_Instructions for the task:_
Copy out each line of the material below that holds the string "size".

_Records to use:_
Lemma beta_tail_sub_nil (s : seq nat) M e : (size s <= M)%N ->
  beta_tail M s e - beta_tail M [::] e =
  \sum_(0 <= b < size s) (ppart (e - (b%:Z - (nth 0%N s b)%:Z)) - ppart (e - b%:Z)).
Proof.
move=> hM; rewrite /beta_tail -sumrB (@big_cat_nat _ _ _ (size s)) //=.
rewrite [\sum_(size s <= i < M) _]big1_seq ?addr0.
  by apply: eq_bigr => b _; rewrite nth_nil subr0.
move=> b /andP[_]; rewrite mem_index_iota => /andP[hb _].
by rewrite nth_default ?nth_nil ?subrr.
Qed.

Lemma sum_beta_prefix (s : seq nat) e k :
  \sum_(0 <= b < k) (e - (b%:Z - (nth 0%N s b)%:Z)) =
  \sum_(0 <= b < k) (e - b%:Z) + (sumn (take k s))%:Z.
Proof. by rewrite sumn_take -big_split; apply: eq_bigr => b _ /=; ring. Qed.

Lemma sum_ppart_prefix (y : nat -> int) M :
  (forall b1 b2, (b1 <= b2)%N -> y b2 <= y b1) ->
  exists k, [/\ (k <= M)%N, \sum_(0 <= b < M) ppart (y b) = \sum_(0 <= b < k) y b
             & ((k < M)%N -> y k <= 0)].
Proof.
move=> y_mono; elim: M => [|M [k [hk sum_k yk_le0]]].
  by exists 0%N; split=> //; rewrite !big_geq.
have ppart_nonpos x : x <= 0 -> ppart x = 0 by rewrite /ppart; case: ifP; lia.
rewrite big_nat_recr //=.
case: (ltnP k M) => hkM.
  have yM_le0 : y M <= 0 by apply: le_trans (y_mono _ _ (ltnW hkM)) (yk_le0 hkM).
  exists k; split; [exact: leqW | by rewrite sum_k ppart_nonpos ?addr0 | ].
  by move=> _; apply: yk_le0.
have ekM : k = M by apply/eqP; rewrite eqn_leq hk hkM.
subst k.
case: (lerP (y M) 0) => yM.
  by exists M; split; [exact: leqnSn | rewrite sum_k ppart_nonpos ?addr0 |].
exists M.+1; split; rewrite ?ltnn //.
by rewrite big_nat_recr //= sum_k /ppart ifT // ltW.
Qed.

Lemma sum_ppart_widen (F : nat -> int) k M : (k <= M)%N ->
  \sum_(0 <= b < k) ppart (F b) <= \sum_(0 <= b < M) ppart (F b).
Proof.
move=> hk; rewrite [X in _ <= X](@big_cat_nat _ _ _ k) //= lerDl.
by apply: sumr_ge0 => b _; apply: ppart_ge0.
Qed.

Lemma sum_le_ppart (F : nat -> int) k :
  \sum_(0 <= b < k) F b <= \sum_(0 <= b < k) ppart (F b).
Proof. by apply: ler_sum => b _; apply: le_ppart. Qed.

Lemma dominates_beta_tail lam mu M e : is_partition mu -> dominates lam mu ->
  beta_tail M mu e <= beta_tail M lam e.
Proof.
move=> mu_part lam_dom.
have [k [hk tail_mu _]] := @sum_ppart_prefix
  (fun b => e - (b%:Z - (nth 0%N mu b)%:Z)) M
  (fun b1 b2 h => ltac:(have := partition_nth_mono mu_part h; lia)).
rewrite /beta_tail tail_mu.
apply: le_trans (sum_ppart_widen (fun b => e - (b%:Z - (nth 0%N lam b)%:Z)) hk).
apply: le_trans (sum_le_ppart _ _).
by rewrite !sum_beta_prefix lerD2l lez_nat; apply: lam_dom.
Qed.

_Response to this exercise:_
Lemma beta_tail_sub_nil (s : seq nat) M e : (size s <= M)%N ->
  \sum_(0 <= b < size s) (ppart (e - (b%:Z - (nth 0%N s b)%:Z)) - ppart (e - b%:Z)).
move=> hM; rewrite /beta_tail -sumrB (@big_cat_nat _ _ _ (size s)) //=.
rewrite [\sum_(size s <= i < M) _]big1_seq ?addr0.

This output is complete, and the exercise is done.